Lemma Rintegral_powR_derive (m p c d : R) : 0 < c -> c <= d ->
  \int[mu]_(s in `]c, d]) (m * p * powR s (p - 1)) = m * (powR d p - powR c p).
Proof.
move=> c0; rewrite le_eqVlt => /predU1P[<-|cd].
  by rewrite set_itv_ge ?bnd_simp ?ltxx // Rintegral_set0 subrr mulr0.
pose F s := m * powR s p; pose f s := m * p * powR s (p - 1).
have F'f (s : R) : 0 < s -> derivable F s 1 /\ F^`()%classic s = f s.
  move=> s0; have dp := @derivable_powR R 1 p s; rewrite in_itv /= s0 in dp.
  split; first exact: derivableM (derivable_cst m s 1) (dp isT).
  rewrite /F (derive1Ml (f := fun u => powR u p)); last exact: dp.
  by rewrite powR_derive1 ?in_itv /= ?s0 // mulrA.
have Fcont (s : R) : 0 < s -> {for s, continuous F}.
  by move=> /F'f[+ _] => /derivable1_diffP/differentiable_continuous.
have fcont : {within `[c, d], continuous f}.
  apply: continuous_in_subspaceT => s; rewrite inE /= in_itv /= => /andP[cs _].
  apply: differentiable_continuous; apply: differentiableM => //.
  by apply/derivable1_diffP/derivable_powR; rewrite in_itv /= (lt_le_trans c0).
rewrite Rintegral_itv_obnd_cbnd; last first.
  have If : mu.-integrable `[c, d] (EFin \o f).
    by apply: continuous_compact_integrable => //; exact: segment_compact.
  apply: integrableS If => //.
  by apply: subset_itvr; rewrite bnd_simp.
have dF : derivable_oo_LRcontinuous F c d.
  split; last exact/cvg_at_left_filter/Fcont/(lt_trans c0).
  - by move=> s; rewrite in_itv /= => /andP[cs _]; exact: (F'f s (lt_trans c0 cs)).1.
  - exact/cvg_at_right_filter/Fcont.
have dFf : {in `]c, d[, F^`()%classic =1 f}.
  by move=> s; rewrite in_itv /= => /andP[cs _]; exact: (F'f s (lt_trans c0 cs)).2.
by rewrite /Rintegral (continuous_FTC2 cd fcont dF dFf) /= /F mulrBr.
Qed.

End LebesgueIntegrals.

Section KernelCopula.
Variable R : realType.
Local Notation mu := (@lebesgue_measure R).
Variable psi : R -> R -> R.

(* Integrating over ]0, 1] lets the kernel conditions below ignore s = 0, where
   the Marshall-Olkin kernel can be 0 ^ 0 = 1 at x = 0. *)
Definition gram (x y : R) : R := \int[mu]_(s in `]0, 1]) (psi x s * psi y s).

Lemma gram_sym x y : gram x y = gram y x.
Proof. by apply: eq_Rintegral => s _; rewrite mulrC. Qed.

Hypothesis measurable_psi : forall x, measurable_fun setT (psi x).
Hypothesis psi0 : forall s : R, 0 < s <= 1 -> psi 0 s = 0.
Hypothesis psi1 : forall s : R, 0 < s <= 1 -> psi 1 s = 1.
Hypothesis psi_homo : forall s x y : R, 0 < s <= 1 -> 0 <= x -> x <= y -> y <= 1 ->
  psi x s <= psi y s.
Hypothesis Rintegral_psi : forall x, in01 x -> \int[mu]_(s in `]0, 1]) psi x s = x.

Lemma psi_in01 (x s : R) : in01 x -> 0 < s <= 1 -> in01 (psi x s).
Proof.
move=> /andP[x0 x1] s01; rewrite /in01 -(psi0 s01) -(psi1 s01).
by rewrite !psi_homo.
Qed.

Lemma gram_0 x : gram x 0 = 0.
Proof.
rewrite /gram (@eq_Rintegral _ _ _ mu _ (fun=> 0)) ?Rintegral_cst_itv_oc ?mul0r //.
by move=> s; rewrite inE /= in_itv /= => s01; rewrite psi0 // mulr0.
Qed.

Lemma gram_1 x : in01 x -> gram x 1 = x.
Proof.
move=> x01; rewrite -[RHS]Rintegral_psi //; apply: eq_Rintegral => s.
by rewrite inE /= in_itv /= => s01; rewrite psi1 // mulr1.
Qed.

Lemma gram_rect (u1 u2 v1 v2 : R) : in01 u1 -> in01 u2 -> in01 v1 -> in01 v2 ->
  u1 <= u2 -> v1 <= v2 -> 0 <= gram u2 v2 - gram u2 v1 - gram u1 v2 + gram u1 v1.
Proof.
move=> hu1 hu2 hv1 hv2 u12 v12.
have mP (x y : R) : measurable_fun setT (fun s => psi x s * psi y s).
  exact: measurable_funM.
have bounds (s : R) : 0 < s <= 1 -> [/\ in01 (psi u1 s), in01 (psi u2 s),
    in01 (psi v1 s) & in01 (psi v2 s)].
  by move=> s01; split; apply: psi_in01.
have bounded_int (f : R -> R) : measurable_fun setT f ->
    (forall s : R, 0 < s <= 1 -> -1 <= f s <= 1) -> mu.-integrable `]0, 1] (EFin \o f).
  move=> mf fb; apply: (integrable_bounded_oc01 (M := 1)) => // s.
  by rewrite /= in_itv /= ler_norml => /fb.
rewrite (_ : _ - _ - _ + _ = (gram u2 v2 - gram u2 v1) - (gram u1 v2 - gram u1 v1));
  last by ring.
rewrite /gram -!RintegralB //.
all: try by apply: bounded_int => [|s /bounds[]]; [do ?apply: measurable_funB; exact: mP |
  rewrite /in01 => /andP[? ?] /andP[? ?] /andP[? ?] /andP[? ?]; apply/andP; split; nra].
apply: Rintegral_ge0 => s; rewrite /= in_itv /= => s01.
rewrite (_ : _ - _ - _ = (psi u2 s - psi u1 s) * (psi v2 s - psi v1 s)); last by ring.
have [/andP[u10 _] /andP[_ u21]] := (hu1, hu2).
have [/andP[v10 _] /andP[_ v21]] := (hv1, hv2).
by rewrite mulr_ge0 // subr_ge0 psi_homo.
Qed.
(* Let $\mu>0$ and $f\in C([0,1])$. Then $|\mathscr{L}_n^K(f,x)-f(x)|=o(n^{-1})$ as $n\to+\infty$ for every $0<x<1$ if and only if $f$ is a classical solution on $(0,1)$ of the differential equation $A(x)f_\mu'(x)+B(x)f_\mu''(x)=0$, where $A(x):=\frac12+\frac{x-x^2}{2(1+\mu)}-x$ and $B(x):=\frac{x-x^2}{2}$; equivalently, $\big(1+\mu-x(1+2\mu)-x^2\big)f_\mu'(x)+(1+\mu)(x-x^2)f_\mu''(x)=0$, $0<x<1$.
   Context: Fix $\mu>0$. Let $\ln_\mu(x):=\ln(1+\mu+x)$ for $x\in[0,1]$, and for $f:[0,1]\to\mathbb{R}$ let $f_\mu(x):=f(x)/\ln_\mu(x)$. Let $p_{n,k}(y):=\binom{n}{k}y^k(1-y)^{n-k}$ and $a_{n+1}(x):=\dfrac{\ln\left(1+\frac{x}{(n+1)(1+\mu)}\right)}{\ln\left(1+\frac{1}{(n+1)(1+\mu)}\right)}$, $x\in[0,1]$. For $n\in\mathbb{N}$ define $\mathscr{L}_n^K(f,x)=\mathscr{L}_n^K f(x):=\ln_\mu(x)\sum_{k=0}^n p_{n,k}(a_{n+1}(x))\,(n+1)\int_{k/(n+1)}^{(k+1)/(n+1)} f_\mu(t)\,dt$, $x\in[0,1]$. *)

From Stdlib Require Import Reals.
From Coquelicot Require Import Coquelicot.
Open Scope R_scope.

Definition lnmu (mu x : R) : R := ln (1 + mu + x).

Definition fmu (mu : R) (f : R -> R) (x : R) : R := f x / lnmu mu x.

Definition pnk (n k : nat) (y : R) : R := Binomial.C n k * y ^ k * (1 - y) ^ (n - k).

Definition a_succ (mu : R) (n : nat) (x : R) : R :=
  ln (1 + x / ((INR n + 1) * (1 + mu))) / ln (1 + 1 / ((INR n + 1) * (1 + mu))).

Definition LK (mu : R) (n : nat) (f : R -> R) (x : R) : R :=
  lnmu mu x *
  sum_f_R0 (fun k => pnk n k (a_succ mu n x) * (INR n + 1) *
                     RInt (fmu mu f) (INR k / (INR n + 1)) (INR (S k) / (INR n + 1))) n.

Definition Acoef (mu x : R) : R := / 2 + (x - x ^ 2) / (2 * (1 + mu)) - x.
Definition Bcoef (x : R) : R := (x - x ^ 2) / 2.

(* Both conditions say that [f_mu] is constant on (0, 1).

   [L_n^K f = ln_mu T_n f_mu], where [T_n] is a positive Kantorovich-type operator
   reproducing constants.  The function [s x = exp (- x / (1 + mu)) / (x (1 - x))] solves
   [A s + B s' = 0], so the classical solutions of [A F' + B F'' = 0] are [c1 + c2 S] with
   [S' = s]; since [S] diverges logarithmically at 0 while [f_mu] is bounded, [c2 = 0], and a
   constant [f_mu] is reproduced exactly.

   Conversely, Voronovskaya's formula [n (T_n Q - Q) (x) -> A Q' (x) + B Q'' (x)] for
   quadratics [Q], together with a Chernoff bound localising [T_n], shows that
   [A Q' (x) + B Q'' (x) >= 0] whenever [f_mu - Q] has a local maximum at [x]: if
   [n (T_n f_mu - f_mu) -> 0], both [f_mu] and [- f_mu] are viscosity subsolutions.
   Comparison with the strict supersolutions [c1 + c2 S - e exp (K x)] on every [[a, b]]
   in (0, 1) yields [f_mu = c1 + c2 S], and boundedness again forces [c2 = 0]. *)

From Stdlib Require Import Reals Lra Lia.
From Coquelicot Require Import Coquelicot.
Open Scope R_scope.

Lemma is_derive_continuity_pt (g : R -> R) x l : is_derive g x l -> continuity_pt g x.
Proof.
  intro H. apply continuity_pt_filterlim. apply (ex_derive_continuous g x). now exists l.
Qed.

Lemma is_derive_nonneg_le (g dg : R -> R) a b : a <= b ->
  (forall x, a <= x <= b -> is_derive g x (dg x)) ->
  (forall x, a <= x <= b -> 0 <= dg x) -> g a <= g b.
Proof.
  intros hab hd hp.
  destruct (MVT_gen g a b dg) as [c [hc he]];
    rewrite ?Rmin_left, ?Rmax_right in * by lra.
  - intros x hx. apply hd; lra.
  - intros x hx. apply (is_derive_continuity_pt g x (dg x)), hd; lra.
  - assert (0 <= dg c * (b - a)) by (apply Rmult_le_pos; [apply hp|]; lra). lra.
Qed.

Lemma is_derive_0_const (F : R -> R) a b :
  (forall x, a < x < b -> is_derive F x 0) ->
  forall x y, a < x < b -> a < y < b -> F x = F y.
Proof.
  intros hd x y hx hy.
  assert (hin : forall z, Rmin x y <= z <= Rmax x y -> a < z < b).
  { intros z hz. unfold Rmin, Rmax in hz. destruct (Rle_dec x y); lra. }
  destruct (MVT_gen F x y (fun _ => 0)) as [c [hc he]].
  - intros z hz. apply hd, hin. lra.
  - intros z hz. apply (is_derive_continuity_pt F z 0), hd, hin, hz.
  - lra.
Qed.

(* Mean value theorem for [phi - P]: since [phi1' (x0) = phi2 < P''], the derivative
   [phi1 - P'] has the sign of [x0 - t] between [x0] and [t]. *)
Lemma taylor2_upper (phi phi1 : R -> R) x0 phi2 r eta : 0 < r -> 0 < eta ->
  (forall t, Rabs (t - x0) < r -> is_derive phi t (phi1 t)) -> is_derive phi1 x0 phi2 ->
  exists d, 0 < d /\ forall t, Rabs (t - x0) < d ->
    phi t <= phi x0 + phi1 x0 * (t - x0) + (phi2 / 2 + eta) * (t - x0)^2.
Proof.
  intros hr heta hd1 hd2.
  apply is_derive_Reals in hd2. destruct (hd2 eta heta) as [d1 hd1'].
  exists (Rmin d1 r). split; [apply Rmin_pos; [apply cond_pos | lra] |].
  intros t ht. pose proof (Rmin_l d1 r). pose proof (Rmin_r d1 r).
  set (P := fun tau => phi x0 + phi1 x0 * (tau - x0) + (phi2 / 2 + eta) * (tau - x0)^2).
  set (dg := fun tau => phi1 tau - (phi1 x0 + (phi2 + 2 * eta) * (tau - x0))).
  assert (hin : forall c, Rmin x0 t <= c <= Rmax x0 t -> Rabs (c - x0) <= Rabs (t - x0)).
  { intros c hc. unfold Rmin, Rmax in hc. destruct (Rle_dec x0 t).
    - rewrite !Rabs_right; lra.
    - rewrite !Rabs_left1; lra. }
  assert (hg : forall c, Rmin x0 t <= c <= Rmax x0 t ->
                 is_derive (fun tau => phi tau - P tau) c (dg c)).
  { intros c hc. pose proof (hin c hc).
    apply (is_derive_minus phi P); [apply hd1; lra |].
    unfold P. auto_derive; auto. field. }
  destruct (MVT_gen (fun tau => phi tau - P tau) x0 t dg) as [c [hc he]].
  - intros z hz. apply hg. lra.
  - intros z hz. apply (is_derive_continuity_pt _ z (dg z)), hg, hz.
  - assert (hdc : dg c * (t - x0) <= 0).
    { destruct (Req_dec c x0) as [->|hne].
      - unfold dg. replace (x0 - x0) with 0 by ring. lra.
      - pose proof (hin c hc).
        specialize (hd1' (c - x0) ltac:(lra) ltac:(lra)).
        replace (x0 + (c - x0)) with c in hd1' by ring.
        apply Rabs_lt_between in hd1'.
        assert (hs : 0 <= (c - x0) * (t - x0)).
        { unfold Rmin, Rmax in hc. destruct (Rle_dec x0 t); nra. }
        set (th := (phi1 c - phi1 x0) / (c - x0)) in *.
        replace (dg c * (t - x0)) with ((th - phi2 - 2 * eta) * ((c - x0) * (t - x0)))
          by (unfold dg, th; field; lra).
        nra. }
    unfold P in he. lra.
Qed.

Lemma exp_le_compat a b : a <= b -> exp a <= exp b.
Proof.
  intro h. destruct (Rle_lt_or_eq_dec _ _ h) as [hlt | ->]; [left; now apply exp_increasing | lra].
Qed.

Lemma exp_pow_INR s k : exp s ^ k = exp (s * INR k).
Proof.
  induction k as [|k IH]; [simpl; now rewrite Rmult_0_r, exp_0 |].
  rewrite S_INR. simpl. rewrite IH, <- exp_plus. f_equal. ring.
Qed.

Lemma ln_1p_lower s : 0 <= s -> s - s^2/2 <= ln (1 + s).
Proof.
  intro hs.
  pose proof (is_derive_nonneg_le (fun t => ln (1 + t) - t + t^2/2) (fun t => t^2/(1 + t)) 0 s hs)
    as H; cbv beta in H.
  rewrite Rplus_0_r, ln_1 in H.
  enough (0 - 0 + 0^2/2 <= ln (1 + s) - s + s^2/2) by lra.
  apply H.
  - intros x hx. auto_derive; [lra | field; lra].
  - intros x hx. apply Rdiv_le_0_compat; nra.
Qed.

Lemma ln_1p_upper s : 0 <= s -> ln (1 + s) <= s - s^2/2 + s^3/3.
Proof.
  intro hs.
  pose proof (is_derive_nonneg_le (fun t => t - t^2/2 + t^3/3 - ln (1 + t))
                (fun t => t^3/(1 + t)) 0 s hs) as H; cbv beta in H.
  rewrite Rplus_0_r, ln_1 in H.
  enough (0 - 0^2/2 + 0^3/3 - 0 <= s - s^2/2 + s^3/3 - ln (1 + s)) by lra.
  apply H.
  - intros x hx. auto_derive; [lra | field; lra].
  - intros x hx. apply Rdiv_le_0_compat; [apply pow_le |]; lra.
Qed.

(* [exp s <= 1 / (1 - s)], and [1 / (1 - s) - 1 - s = s^2 / (1 - s)]. *)
Lemma exp_sub_1_sub_le s : s <= 1/2 -> exp s - 1 - s <= 2 * s^2.
Proof.
  intro hs. pose proof (exp_ineq1_le (- s)) as h.
  assert (hinv : exp s * exp (- s) = 1) by (rewrite <- exp_plus, Rplus_opp_r; apply exp_0).
  assert (exp s * (1 - s) <= 1).
  { rewrite <- hinv. apply Rmult_le_compat_l; [left; apply exp_pos | lra]. }
  assert (s^2 * (1 - 2 * (1 - s)) <= 0) by nra.
  nra.
Qed.

Lemma exp_ge_sqr_div4 x : 0 <= x -> x^2/4 <= exp x.
Proof.
  intro hx. pose proof (exp_ineq1_le (x/2)).
  replace (exp x) with (exp (x/2) * exp (x/2)) by (rewrite <- exp_plus; f_equal; field).
  nra.
Qed.

Lemma continuity_pt_bounded01 (h : R -> R) : (forall t, continuity_pt h t) ->
  exists M, 0 <= M /\ forall t, 0 <= t <= 1 -> Rabs (h t) <= M.
Proof.
  intro hc.
  destruct (continuity_ab_maj (fun t => Rabs (h t)) 0 1) as [xM [hM _]]; [lra | |].
  - intros c _. apply (continuity_pt_comp h Rabs); [apply hc | apply Rcontinuity_abs].
  - exists (Rabs (h xM)). split; [apply Rabs_pos | exact hM].
Qed.

Lemma continuity_ab_interior_max (g : R -> R) a b x :
  (forall t, a <= t <= b -> continuity_pt g t) -> a <= x <= b -> g a < g x -> g b < g x ->
  exists x0, a < x0 < b /\ forall t, a <= t <= b -> g t <= g x0.
Proof.
  intros hc hx ha hb.
  destruct (continuity_ab_maj g a b ltac:(lra) hc) as [x0 [hmax hx0]].
  exists x0. split; [| exact hmax]. pose proof (hmax x hx).
  split; apply Rnot_le_lt; intro; [assert (x0 = a) by lra | assert (x0 = b) by lra]; subst; lra.
Qed.

Lemma locally_interval x a b (P : R -> Prop) :
  a < x < b -> (forall t, a < t < b -> P t) -> locally x P.
Proof.
  intros hx hP.
  assert (he : 0 < Rmin (x - a) (b - x)) by (apply Rmin_pos; lra).
  exists (mkposreal _ he). intros t ht. apply hP.
  change (Rabs (t - x) < Rmin (x - a) (b - x)) in ht.
  apply Rabs_lt_between' in ht.
  pose proof (Rmin_l (x - a) (b - x)). pose proof (Rmin_r (x - a) (b - x)). lra.
Qed.

Lemma ex_RInt_continuity_pt (g : R -> R) a b :
  (forall t, continuity_pt g t) -> ex_RInt g a b.
Proof.
  intro hc. apply (ex_RInt_continuous (V := R_CompleteNormedModule)).
  intros z _. apply continuity_pt_filterlim, hc.
Qed.

Lemma RInt_le_const (h : R -> R) a b c : a <= b -> (forall t, continuity_pt h t) ->
  (forall t, a < t < b -> h t <= c) -> RInt h a b <= (b - a) * c.
Proof.
  intros hab hc hle.
  assert (H : RInt h a b <= RInt (fun _ => c) a b)
    by (apply RInt_le; auto using ex_RInt_continuity_pt, ex_RInt_const).
  now rewrite RInt_const in H.
Qed.

Lemma is_lim_seq_of_eq (u : nat -> R) (l1 l2 : R) :
  is_lim_seq u l1 -> l1 = l2 -> is_lim_seq u l2.
Proof. now intros h <-. Qed.

Lemma is_lim_seq_inv_INR_S : is_lim_seq (fun n => / (INR n + 1)) 0.
Proof.
  assert (H : is_lim_seq (fun n => / INR n) 0)
    by (apply (is_lim_seq_inv _ p_infty); [apply is_lim_seq_INR | discriminate]).
  apply is_lim_seq_incr_1 in H.
  eapply is_lim_seq_ext; [|exact H]. intro n. now rewrite <- S_INR.
Qed.

Lemma is_lim_seq_INR_div_S : is_lim_seq (fun n => INR n / (INR n + 1)) 1.
Proof.
  apply (is_lim_seq_of_eq _ (1 - 0)); [|ring].
  eapply is_lim_seq_ext;
    [|exact (is_lim_seq_minus' _ _ _ _ (is_lim_seq_const 1) is_lim_seq_inv_INR_S)].
  intro n. simpl. field. pose proof (pos_INR n). lra.
Qed.

Lemma is_lim_seq_INR_exp_neg c : 0 < c -> is_lim_seq (fun n => INR n * exp (- (c * INR n))) 0.
Proof.
  intro hc.
  apply (is_lim_seq_le_le (fun _ => 0) _ (fun n => 8 / c^2 * / (INR n + 1))).
  - intro n. pose proof (pos_INR n) as hn. pose proof (exp_pos (c * INR n)) as he.
    rewrite exp_Ropp. split; [apply Rmult_le_pos; [lra | left; apply Rinv_0_lt_compat; lra] |].
    pose proof (exp_ge_sqr_div4 (c * INR n) ltac:(nra)).
    apply (Rmult_le_reg_r (exp (c * INR n) * (INR n + 1))); [nra |].
    replace (INR n * / exp (c * INR n) * (exp (c * INR n) * (INR n + 1)))
      with (INR n * (INR n + 1)) by (field; lra).
    replace (8 / c ^ 2 * / (INR n + 1) * (exp (c * INR n) * (INR n + 1)))
      with (8 / c^2 * exp (c * INR n)) by (field; lra).
    apply (Rle_trans _ (8 / c^2 * ((c * INR n)^2/4))); [| apply Rmult_le_compat_l; [|lra]].
    + replace (8 / c^2 * ((c * INR n)^2/4)) with (2 * INR n * INR n) by (field; lra).
      destruct n; [simpl; lra |]. pose proof (le_INR 1 (S n) ltac:(lia)). simpl in *. nra.
    + apply Rdiv_le_0_compat; nra.
  - apply is_lim_seq_const.
  - apply (is_lim_seq_of_eq _ (8 / c^2 * 0)); [|ring].
    apply is_lim_seq_mult'; [apply is_lim_seq_const | apply is_lim_seq_inv_INR_S].
Qed.

(** * The Bernstein basis *)

Lemma pnk_ge0 n k y : 0 <= y <= 1 -> 0 <= pnk n k y.
Proof.
  intro hy. unfold pnk, Binomial.C.
  apply Rmult_le_pos; [apply Rmult_le_pos |]; try (apply pow_le; lra).
  apply Rdiv_le_0_compat; [apply pos_INR | apply Rmult_lt_0_compat; apply INR_fact_lt_0].
Qed.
========================================
● **WORK ITEM**: Above are the records; from them, give again exactly the lines from the one containing "by (apply RInt_le;" to the one containing "- intro n. pose", both lines included, and nothing more.

● **EXERCISE RESULT**:
    by (apply RInt_le; auto using ex_RInt_continuity_pt, ex_RInt_const).
  now rewrite RInt_const in H.
Qed.

Lemma is_lim_seq_of_eq (u : nat -> R) (l1 l2 : R) :
  is_lim_seq u l1 -> l1 = l2 -> is_lim_seq u l2.
Proof. now intros h <-. Qed.

Lemma is_lim_seq_inv_INR_S : is_lim_seq (fun n => / (INR n + 1)) 0.
Proof.
  assert (H : is_lim_seq (fun n => / INR n) 0)
    by (apply (is_lim_seq_inv _ p_infty); [apply is_lim_seq_INR | discriminate]).
  apply is_lim_seq_incr_1 in H.
  eapply is_lim_seq_ext; [|exact H]. intro n. now rewrite <- S_INR.
Qed.

Lemma is_lim_seq_INR_div_S : is_lim_seq (fun n => INR n / (INR n + 1)) 1.
Proof.
  apply (is_lim_seq_of_eq _ (1 - 0)); [|ring].
  eapply is_lim_seq_ext;
    [|exact (is_lim_seq_minus' _ _ _ _ (is_lim_seq_const 1) is_lim_seq_inv_INR_S)].
  intro n. simpl. field. pose proof (pos_INR n). lra.
Qed.

Lemma is_lim_seq_INR_exp_neg c : 0 < c -> is_lim_seq (fun n => INR n * exp (- (c * INR n))) 0.
Proof.
  intro hc.
  apply (is_lim_seq_le_le (fun _ => 0) _ (fun n => 8 / c^2 * / (INR n + 1))).
  - intro n. pose proof (pos_INR n) as hn. pose proof (exp_pos (c * INR n)) as he.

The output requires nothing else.